:: Your objective ::
Looking at the listing below, retype exactly the lines starting at the one containing "Lemma kappa_mul l" and ending at the one containing "rewrite -(@kappa_mul s", both included, and nothing else.

==*==

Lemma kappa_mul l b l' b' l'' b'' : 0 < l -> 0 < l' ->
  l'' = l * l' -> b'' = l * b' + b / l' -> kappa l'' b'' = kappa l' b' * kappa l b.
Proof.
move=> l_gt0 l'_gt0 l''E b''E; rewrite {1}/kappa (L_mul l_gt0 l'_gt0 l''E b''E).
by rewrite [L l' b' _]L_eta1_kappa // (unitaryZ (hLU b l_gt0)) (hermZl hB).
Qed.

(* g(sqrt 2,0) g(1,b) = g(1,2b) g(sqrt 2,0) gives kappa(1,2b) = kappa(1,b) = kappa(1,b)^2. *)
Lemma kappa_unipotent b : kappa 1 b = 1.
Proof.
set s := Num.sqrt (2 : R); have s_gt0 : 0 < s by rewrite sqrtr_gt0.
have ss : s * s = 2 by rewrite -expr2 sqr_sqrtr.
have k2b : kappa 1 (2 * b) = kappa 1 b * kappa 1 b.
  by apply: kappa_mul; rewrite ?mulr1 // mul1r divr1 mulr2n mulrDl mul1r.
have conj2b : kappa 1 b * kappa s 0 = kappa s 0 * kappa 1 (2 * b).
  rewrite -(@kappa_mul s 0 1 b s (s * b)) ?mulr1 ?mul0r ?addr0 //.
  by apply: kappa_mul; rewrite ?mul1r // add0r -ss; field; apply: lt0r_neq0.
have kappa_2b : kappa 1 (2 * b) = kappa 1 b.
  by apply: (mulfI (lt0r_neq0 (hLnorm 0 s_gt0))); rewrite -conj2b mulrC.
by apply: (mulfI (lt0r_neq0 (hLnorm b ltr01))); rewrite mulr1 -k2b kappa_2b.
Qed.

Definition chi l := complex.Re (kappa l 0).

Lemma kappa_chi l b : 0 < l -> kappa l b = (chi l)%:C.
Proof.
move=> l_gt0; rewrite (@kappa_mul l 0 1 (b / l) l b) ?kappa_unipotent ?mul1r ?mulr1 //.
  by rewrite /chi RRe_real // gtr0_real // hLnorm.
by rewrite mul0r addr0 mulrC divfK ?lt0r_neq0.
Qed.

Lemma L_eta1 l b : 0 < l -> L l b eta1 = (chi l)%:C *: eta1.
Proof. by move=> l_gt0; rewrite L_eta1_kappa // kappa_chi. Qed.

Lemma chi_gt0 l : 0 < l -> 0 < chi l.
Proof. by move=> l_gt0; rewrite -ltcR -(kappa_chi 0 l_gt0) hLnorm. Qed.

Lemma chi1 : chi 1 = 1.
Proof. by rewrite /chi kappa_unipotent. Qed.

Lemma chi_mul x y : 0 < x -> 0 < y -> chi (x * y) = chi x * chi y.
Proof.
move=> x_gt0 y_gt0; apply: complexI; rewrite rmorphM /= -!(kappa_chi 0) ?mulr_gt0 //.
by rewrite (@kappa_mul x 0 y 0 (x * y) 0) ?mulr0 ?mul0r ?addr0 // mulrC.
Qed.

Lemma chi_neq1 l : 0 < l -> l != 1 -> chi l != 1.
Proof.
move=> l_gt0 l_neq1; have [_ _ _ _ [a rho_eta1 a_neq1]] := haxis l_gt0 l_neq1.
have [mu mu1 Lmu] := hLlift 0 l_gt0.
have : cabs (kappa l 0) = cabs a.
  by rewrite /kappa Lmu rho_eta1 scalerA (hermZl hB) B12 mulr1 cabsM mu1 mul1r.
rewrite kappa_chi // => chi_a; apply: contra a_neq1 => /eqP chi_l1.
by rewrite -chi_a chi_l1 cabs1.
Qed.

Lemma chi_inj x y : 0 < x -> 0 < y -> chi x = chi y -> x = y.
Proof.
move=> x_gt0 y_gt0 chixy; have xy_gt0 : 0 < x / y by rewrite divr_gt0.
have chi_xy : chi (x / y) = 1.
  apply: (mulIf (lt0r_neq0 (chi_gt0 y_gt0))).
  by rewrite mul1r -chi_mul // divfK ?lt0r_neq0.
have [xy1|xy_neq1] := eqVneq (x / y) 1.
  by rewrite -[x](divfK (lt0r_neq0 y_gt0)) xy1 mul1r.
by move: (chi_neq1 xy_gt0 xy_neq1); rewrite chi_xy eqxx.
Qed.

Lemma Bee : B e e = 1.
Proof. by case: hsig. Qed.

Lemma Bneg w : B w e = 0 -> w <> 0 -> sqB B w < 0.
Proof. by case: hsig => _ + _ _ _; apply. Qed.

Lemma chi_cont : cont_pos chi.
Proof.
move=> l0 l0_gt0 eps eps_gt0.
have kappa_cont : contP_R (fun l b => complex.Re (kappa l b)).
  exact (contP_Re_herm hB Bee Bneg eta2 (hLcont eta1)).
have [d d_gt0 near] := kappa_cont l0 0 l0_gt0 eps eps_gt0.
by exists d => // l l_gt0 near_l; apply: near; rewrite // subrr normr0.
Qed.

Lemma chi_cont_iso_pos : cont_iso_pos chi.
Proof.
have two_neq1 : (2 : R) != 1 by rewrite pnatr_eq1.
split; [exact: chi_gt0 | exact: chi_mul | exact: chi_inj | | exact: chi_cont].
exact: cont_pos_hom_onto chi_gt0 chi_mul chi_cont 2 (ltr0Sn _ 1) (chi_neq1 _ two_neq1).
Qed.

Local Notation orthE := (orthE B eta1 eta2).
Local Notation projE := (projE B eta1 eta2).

==*==

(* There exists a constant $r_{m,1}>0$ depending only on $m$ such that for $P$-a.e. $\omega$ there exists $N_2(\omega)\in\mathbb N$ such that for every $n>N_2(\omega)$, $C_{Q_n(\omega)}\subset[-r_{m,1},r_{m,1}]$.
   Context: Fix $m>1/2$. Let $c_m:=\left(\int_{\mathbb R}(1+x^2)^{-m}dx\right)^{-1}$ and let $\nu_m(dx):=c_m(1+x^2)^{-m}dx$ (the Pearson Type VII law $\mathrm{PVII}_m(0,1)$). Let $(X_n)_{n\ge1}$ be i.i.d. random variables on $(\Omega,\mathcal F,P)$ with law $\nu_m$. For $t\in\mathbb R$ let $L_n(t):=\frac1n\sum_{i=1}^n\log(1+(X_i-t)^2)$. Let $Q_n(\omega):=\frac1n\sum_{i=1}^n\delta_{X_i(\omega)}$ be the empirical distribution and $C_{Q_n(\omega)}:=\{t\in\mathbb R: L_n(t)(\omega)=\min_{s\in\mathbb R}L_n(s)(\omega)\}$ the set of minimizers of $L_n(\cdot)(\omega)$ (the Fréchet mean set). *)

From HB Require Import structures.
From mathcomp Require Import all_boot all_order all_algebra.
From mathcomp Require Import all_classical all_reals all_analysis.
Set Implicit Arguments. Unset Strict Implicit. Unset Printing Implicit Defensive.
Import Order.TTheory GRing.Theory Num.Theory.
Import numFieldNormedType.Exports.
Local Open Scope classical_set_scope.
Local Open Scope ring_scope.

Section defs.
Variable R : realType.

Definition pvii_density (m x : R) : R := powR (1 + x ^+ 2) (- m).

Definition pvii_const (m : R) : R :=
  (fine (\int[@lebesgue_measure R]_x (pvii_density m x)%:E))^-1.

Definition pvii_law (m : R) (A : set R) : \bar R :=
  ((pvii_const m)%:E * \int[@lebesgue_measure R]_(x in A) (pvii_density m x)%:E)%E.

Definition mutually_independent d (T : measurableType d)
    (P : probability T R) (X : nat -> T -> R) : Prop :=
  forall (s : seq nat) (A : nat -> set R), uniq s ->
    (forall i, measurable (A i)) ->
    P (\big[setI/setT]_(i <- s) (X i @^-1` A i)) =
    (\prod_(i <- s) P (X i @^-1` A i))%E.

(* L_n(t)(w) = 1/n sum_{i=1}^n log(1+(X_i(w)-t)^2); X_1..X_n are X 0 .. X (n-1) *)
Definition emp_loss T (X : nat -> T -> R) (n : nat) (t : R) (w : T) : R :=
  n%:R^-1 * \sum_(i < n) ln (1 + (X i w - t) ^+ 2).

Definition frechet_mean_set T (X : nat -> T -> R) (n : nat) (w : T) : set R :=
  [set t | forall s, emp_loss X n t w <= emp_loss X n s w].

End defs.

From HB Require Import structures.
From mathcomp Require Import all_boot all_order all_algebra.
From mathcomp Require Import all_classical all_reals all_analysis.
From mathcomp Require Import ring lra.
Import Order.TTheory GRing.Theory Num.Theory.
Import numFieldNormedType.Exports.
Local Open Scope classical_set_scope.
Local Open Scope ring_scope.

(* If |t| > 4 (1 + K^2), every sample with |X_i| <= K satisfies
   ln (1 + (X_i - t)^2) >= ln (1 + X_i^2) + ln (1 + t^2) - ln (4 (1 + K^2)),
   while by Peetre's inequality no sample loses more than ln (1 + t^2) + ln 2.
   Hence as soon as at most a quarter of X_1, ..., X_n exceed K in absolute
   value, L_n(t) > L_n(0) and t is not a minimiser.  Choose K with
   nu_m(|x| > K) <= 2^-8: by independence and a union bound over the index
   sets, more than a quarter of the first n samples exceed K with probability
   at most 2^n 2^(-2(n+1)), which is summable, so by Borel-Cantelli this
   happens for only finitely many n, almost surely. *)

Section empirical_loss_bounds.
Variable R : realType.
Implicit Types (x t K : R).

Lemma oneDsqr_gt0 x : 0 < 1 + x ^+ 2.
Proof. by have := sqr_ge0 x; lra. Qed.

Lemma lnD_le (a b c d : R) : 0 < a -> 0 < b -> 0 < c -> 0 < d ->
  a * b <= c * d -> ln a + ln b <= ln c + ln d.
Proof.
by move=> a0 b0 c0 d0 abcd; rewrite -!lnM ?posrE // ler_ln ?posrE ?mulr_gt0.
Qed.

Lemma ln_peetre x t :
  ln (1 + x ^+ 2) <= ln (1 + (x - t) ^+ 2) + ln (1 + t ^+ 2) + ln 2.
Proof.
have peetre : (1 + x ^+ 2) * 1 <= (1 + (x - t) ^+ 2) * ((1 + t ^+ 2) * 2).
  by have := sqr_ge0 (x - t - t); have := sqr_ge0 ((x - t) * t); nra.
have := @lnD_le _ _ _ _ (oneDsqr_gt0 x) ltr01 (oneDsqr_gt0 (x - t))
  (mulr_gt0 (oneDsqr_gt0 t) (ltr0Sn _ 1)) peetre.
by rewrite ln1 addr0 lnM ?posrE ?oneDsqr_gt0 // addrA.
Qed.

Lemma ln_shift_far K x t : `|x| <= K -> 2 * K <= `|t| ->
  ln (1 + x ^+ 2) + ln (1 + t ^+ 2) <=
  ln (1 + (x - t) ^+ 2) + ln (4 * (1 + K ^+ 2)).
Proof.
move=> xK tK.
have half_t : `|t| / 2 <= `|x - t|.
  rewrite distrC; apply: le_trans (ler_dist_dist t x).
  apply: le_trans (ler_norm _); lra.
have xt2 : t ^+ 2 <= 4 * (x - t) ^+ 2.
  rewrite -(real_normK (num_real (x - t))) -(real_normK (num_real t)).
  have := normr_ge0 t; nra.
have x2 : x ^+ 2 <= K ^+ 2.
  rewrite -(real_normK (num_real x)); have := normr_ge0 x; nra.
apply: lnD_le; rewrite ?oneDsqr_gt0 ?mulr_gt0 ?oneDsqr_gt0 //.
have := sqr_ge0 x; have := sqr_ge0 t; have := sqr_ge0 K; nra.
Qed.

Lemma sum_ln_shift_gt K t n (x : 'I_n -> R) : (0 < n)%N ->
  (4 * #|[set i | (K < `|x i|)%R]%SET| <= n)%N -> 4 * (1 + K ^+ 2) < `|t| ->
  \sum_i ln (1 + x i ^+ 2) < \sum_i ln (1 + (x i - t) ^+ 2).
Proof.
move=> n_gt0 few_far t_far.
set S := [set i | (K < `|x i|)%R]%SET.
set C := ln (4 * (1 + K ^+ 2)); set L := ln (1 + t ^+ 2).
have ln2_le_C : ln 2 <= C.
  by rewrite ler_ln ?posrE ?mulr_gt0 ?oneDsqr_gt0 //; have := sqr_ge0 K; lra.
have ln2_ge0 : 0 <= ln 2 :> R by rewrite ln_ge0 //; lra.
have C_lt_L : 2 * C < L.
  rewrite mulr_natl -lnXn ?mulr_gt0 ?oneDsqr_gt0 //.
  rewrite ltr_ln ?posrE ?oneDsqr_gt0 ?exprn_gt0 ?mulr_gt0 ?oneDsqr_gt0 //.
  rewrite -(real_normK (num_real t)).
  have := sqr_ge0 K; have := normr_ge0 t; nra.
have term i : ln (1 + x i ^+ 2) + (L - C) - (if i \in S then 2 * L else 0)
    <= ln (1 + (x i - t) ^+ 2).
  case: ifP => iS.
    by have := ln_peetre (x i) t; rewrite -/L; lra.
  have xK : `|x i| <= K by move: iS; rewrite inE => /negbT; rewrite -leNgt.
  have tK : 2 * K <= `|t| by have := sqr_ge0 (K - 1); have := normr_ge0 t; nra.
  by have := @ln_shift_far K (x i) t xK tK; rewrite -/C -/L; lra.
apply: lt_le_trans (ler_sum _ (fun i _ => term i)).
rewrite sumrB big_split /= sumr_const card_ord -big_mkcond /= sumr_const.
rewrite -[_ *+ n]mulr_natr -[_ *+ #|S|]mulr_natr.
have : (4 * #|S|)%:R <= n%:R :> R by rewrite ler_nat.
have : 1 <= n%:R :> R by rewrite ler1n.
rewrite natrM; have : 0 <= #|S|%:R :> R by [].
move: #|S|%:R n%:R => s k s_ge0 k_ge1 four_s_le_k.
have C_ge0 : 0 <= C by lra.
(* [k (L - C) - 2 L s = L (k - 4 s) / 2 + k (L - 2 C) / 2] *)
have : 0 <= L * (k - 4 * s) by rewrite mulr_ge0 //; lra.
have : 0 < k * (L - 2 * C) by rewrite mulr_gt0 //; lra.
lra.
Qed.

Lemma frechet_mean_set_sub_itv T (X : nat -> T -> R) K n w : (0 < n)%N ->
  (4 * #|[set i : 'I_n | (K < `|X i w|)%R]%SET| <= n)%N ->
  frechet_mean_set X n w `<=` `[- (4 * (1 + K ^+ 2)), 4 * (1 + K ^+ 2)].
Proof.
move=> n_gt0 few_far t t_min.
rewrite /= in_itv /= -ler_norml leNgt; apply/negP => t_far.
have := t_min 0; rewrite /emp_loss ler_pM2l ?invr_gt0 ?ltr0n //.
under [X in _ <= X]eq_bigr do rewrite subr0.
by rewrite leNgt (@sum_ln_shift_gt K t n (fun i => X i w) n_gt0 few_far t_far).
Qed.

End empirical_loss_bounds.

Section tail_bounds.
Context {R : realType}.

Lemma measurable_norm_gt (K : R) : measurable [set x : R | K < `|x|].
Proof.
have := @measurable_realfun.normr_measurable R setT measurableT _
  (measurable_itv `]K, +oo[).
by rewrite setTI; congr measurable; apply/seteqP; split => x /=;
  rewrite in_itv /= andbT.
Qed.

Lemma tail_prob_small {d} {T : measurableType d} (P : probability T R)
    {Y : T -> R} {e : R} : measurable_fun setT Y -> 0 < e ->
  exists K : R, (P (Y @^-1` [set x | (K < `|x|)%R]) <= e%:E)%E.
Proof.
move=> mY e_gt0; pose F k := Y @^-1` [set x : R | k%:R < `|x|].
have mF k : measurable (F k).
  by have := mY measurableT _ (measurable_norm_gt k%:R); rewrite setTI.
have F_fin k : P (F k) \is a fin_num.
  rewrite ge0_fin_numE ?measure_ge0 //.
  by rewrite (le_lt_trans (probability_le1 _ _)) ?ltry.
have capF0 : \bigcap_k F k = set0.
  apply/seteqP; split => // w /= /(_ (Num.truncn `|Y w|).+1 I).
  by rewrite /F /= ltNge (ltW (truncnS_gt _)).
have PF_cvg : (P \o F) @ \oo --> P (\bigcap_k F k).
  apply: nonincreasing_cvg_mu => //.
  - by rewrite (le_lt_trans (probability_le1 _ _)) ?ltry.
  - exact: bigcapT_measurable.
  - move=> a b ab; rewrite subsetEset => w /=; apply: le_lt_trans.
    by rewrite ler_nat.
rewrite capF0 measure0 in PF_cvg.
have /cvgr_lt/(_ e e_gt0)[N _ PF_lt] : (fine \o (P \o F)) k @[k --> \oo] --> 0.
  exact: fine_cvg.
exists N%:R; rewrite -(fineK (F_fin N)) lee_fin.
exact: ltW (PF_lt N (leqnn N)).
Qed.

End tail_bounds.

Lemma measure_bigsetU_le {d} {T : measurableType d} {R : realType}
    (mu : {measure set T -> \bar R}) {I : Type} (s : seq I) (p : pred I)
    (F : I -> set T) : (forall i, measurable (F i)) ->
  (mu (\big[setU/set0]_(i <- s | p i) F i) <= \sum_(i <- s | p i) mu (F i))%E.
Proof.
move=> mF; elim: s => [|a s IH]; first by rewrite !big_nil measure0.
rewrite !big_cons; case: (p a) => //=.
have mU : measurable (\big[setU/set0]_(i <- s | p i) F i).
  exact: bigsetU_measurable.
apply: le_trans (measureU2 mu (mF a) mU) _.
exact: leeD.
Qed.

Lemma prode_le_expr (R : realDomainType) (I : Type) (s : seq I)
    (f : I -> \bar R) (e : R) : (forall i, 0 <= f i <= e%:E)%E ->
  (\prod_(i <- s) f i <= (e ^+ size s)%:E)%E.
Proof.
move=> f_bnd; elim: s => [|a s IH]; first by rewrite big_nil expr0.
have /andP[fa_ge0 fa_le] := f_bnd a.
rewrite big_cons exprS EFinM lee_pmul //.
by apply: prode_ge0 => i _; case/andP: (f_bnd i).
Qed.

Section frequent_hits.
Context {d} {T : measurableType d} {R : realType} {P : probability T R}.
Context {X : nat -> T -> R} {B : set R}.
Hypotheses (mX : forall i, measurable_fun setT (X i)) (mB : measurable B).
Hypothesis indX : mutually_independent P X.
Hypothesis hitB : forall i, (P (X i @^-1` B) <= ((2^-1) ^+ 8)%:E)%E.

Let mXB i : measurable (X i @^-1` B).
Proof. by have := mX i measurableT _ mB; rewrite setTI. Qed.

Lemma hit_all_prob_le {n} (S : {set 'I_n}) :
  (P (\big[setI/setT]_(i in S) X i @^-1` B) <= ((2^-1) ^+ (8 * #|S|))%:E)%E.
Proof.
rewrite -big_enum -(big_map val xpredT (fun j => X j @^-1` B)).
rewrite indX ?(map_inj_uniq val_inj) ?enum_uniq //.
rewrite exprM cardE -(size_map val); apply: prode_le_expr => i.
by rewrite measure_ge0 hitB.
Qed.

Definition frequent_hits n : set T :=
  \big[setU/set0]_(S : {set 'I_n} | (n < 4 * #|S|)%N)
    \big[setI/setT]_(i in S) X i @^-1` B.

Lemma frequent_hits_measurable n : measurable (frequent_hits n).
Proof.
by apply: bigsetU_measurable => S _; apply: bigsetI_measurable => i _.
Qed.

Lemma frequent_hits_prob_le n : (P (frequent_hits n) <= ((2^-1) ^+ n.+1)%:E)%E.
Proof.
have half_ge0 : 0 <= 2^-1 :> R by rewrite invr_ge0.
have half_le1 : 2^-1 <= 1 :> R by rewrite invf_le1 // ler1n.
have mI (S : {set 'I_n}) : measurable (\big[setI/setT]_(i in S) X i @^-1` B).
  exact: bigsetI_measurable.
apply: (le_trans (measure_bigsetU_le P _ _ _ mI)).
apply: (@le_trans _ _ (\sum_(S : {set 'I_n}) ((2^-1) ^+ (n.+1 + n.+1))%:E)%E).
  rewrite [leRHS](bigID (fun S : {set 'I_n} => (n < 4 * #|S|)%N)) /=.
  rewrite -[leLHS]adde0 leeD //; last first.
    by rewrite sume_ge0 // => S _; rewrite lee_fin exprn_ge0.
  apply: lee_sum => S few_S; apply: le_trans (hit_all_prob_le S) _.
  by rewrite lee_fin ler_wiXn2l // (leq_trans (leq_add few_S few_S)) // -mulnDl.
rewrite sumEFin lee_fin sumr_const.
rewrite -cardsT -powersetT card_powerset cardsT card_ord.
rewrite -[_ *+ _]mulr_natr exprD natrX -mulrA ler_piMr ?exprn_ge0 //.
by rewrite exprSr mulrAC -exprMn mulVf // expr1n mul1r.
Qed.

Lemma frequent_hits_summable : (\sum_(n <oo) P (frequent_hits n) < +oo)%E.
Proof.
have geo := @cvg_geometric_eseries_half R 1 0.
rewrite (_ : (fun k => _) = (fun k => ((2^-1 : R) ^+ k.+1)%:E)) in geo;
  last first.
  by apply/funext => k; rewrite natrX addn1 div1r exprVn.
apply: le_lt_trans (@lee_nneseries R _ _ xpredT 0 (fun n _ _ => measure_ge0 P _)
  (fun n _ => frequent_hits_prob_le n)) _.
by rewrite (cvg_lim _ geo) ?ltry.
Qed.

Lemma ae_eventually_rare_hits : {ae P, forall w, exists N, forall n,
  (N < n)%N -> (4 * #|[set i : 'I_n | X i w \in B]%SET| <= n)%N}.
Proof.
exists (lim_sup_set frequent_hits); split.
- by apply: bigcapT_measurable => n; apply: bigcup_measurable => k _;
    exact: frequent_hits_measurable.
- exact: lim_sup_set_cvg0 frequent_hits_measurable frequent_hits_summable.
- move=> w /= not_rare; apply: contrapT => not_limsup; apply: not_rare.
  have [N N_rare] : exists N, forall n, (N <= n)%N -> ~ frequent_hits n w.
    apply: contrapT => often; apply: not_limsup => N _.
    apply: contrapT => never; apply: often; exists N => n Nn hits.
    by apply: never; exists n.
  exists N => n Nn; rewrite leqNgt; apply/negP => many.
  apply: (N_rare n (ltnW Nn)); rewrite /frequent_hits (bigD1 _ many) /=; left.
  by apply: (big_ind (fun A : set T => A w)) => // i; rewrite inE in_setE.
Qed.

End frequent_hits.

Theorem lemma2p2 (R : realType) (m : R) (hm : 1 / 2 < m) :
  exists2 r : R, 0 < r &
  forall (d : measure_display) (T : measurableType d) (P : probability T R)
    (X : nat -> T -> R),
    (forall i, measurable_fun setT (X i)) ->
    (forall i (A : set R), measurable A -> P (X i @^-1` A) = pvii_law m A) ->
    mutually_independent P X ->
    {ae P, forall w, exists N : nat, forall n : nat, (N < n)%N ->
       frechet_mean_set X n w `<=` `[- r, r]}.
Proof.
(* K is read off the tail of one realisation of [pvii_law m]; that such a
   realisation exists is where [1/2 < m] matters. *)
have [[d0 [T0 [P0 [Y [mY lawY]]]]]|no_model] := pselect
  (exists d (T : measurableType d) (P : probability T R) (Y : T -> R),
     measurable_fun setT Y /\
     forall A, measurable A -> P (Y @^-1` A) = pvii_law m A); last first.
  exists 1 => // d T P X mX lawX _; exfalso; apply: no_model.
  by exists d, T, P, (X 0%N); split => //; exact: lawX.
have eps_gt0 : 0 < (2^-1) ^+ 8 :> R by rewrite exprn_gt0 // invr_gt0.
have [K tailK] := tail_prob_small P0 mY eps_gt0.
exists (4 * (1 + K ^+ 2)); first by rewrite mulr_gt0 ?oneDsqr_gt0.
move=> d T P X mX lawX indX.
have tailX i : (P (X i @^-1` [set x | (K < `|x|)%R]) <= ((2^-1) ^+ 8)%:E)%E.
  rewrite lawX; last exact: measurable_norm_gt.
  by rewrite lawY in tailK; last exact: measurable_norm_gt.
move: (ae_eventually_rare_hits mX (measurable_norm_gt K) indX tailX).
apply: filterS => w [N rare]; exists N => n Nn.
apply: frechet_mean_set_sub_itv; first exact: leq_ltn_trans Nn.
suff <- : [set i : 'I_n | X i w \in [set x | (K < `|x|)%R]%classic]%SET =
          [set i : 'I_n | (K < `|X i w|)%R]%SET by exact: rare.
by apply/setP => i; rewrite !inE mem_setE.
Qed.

==*==

:: Task result ::
Lemma kappa_mul l b l' b' l'' b'' : 0 < l -> 0 < l' ->
  l'' = l * l' -> b'' = l * b' + b / l' -> kappa l'' b'' = kappa l' b' * kappa l b.
Proof.
move=> l_gt0 l'_gt0 l''E b''E; rewrite {1}/kappa (L_mul l_gt0 l'_gt0 l''E b''E).
by rewrite [L l' b' _]L_eta1_kappa // (unitaryZ (hLU b l_gt0)) (hermZl hB).
Qed.

(* g(sqrt 2,0) g(1,b) = g(1,2b) g(sqrt 2,0) gives kappa(1,2b) = kappa(1,b) = kappa(1,b)^2. *)
Lemma kappa_unipotent b : kappa 1 b = 1.
Proof.
set s := Num.sqrt (2 : R); have s_gt0 : 0 < s by rewrite sqrtr_gt0.
have ss : s * s = 2 by rewrite -expr2 sqr_sqrtr.
have k2b : kappa 1 (2 * b) = kappa 1 b * kappa 1 b.
  by apply: kappa_mul; rewrite ?mulr1 // mul1r divr1 mulr2n mulrDl mul1r.
have conj2b : kappa 1 b * kappa s 0 = kappa s 0 * kappa 1 (2 * b).
  rewrite -(@kappa_mul s 0 1 b s (s * b)) ?mulr1 ?mul0r ?addr0 //.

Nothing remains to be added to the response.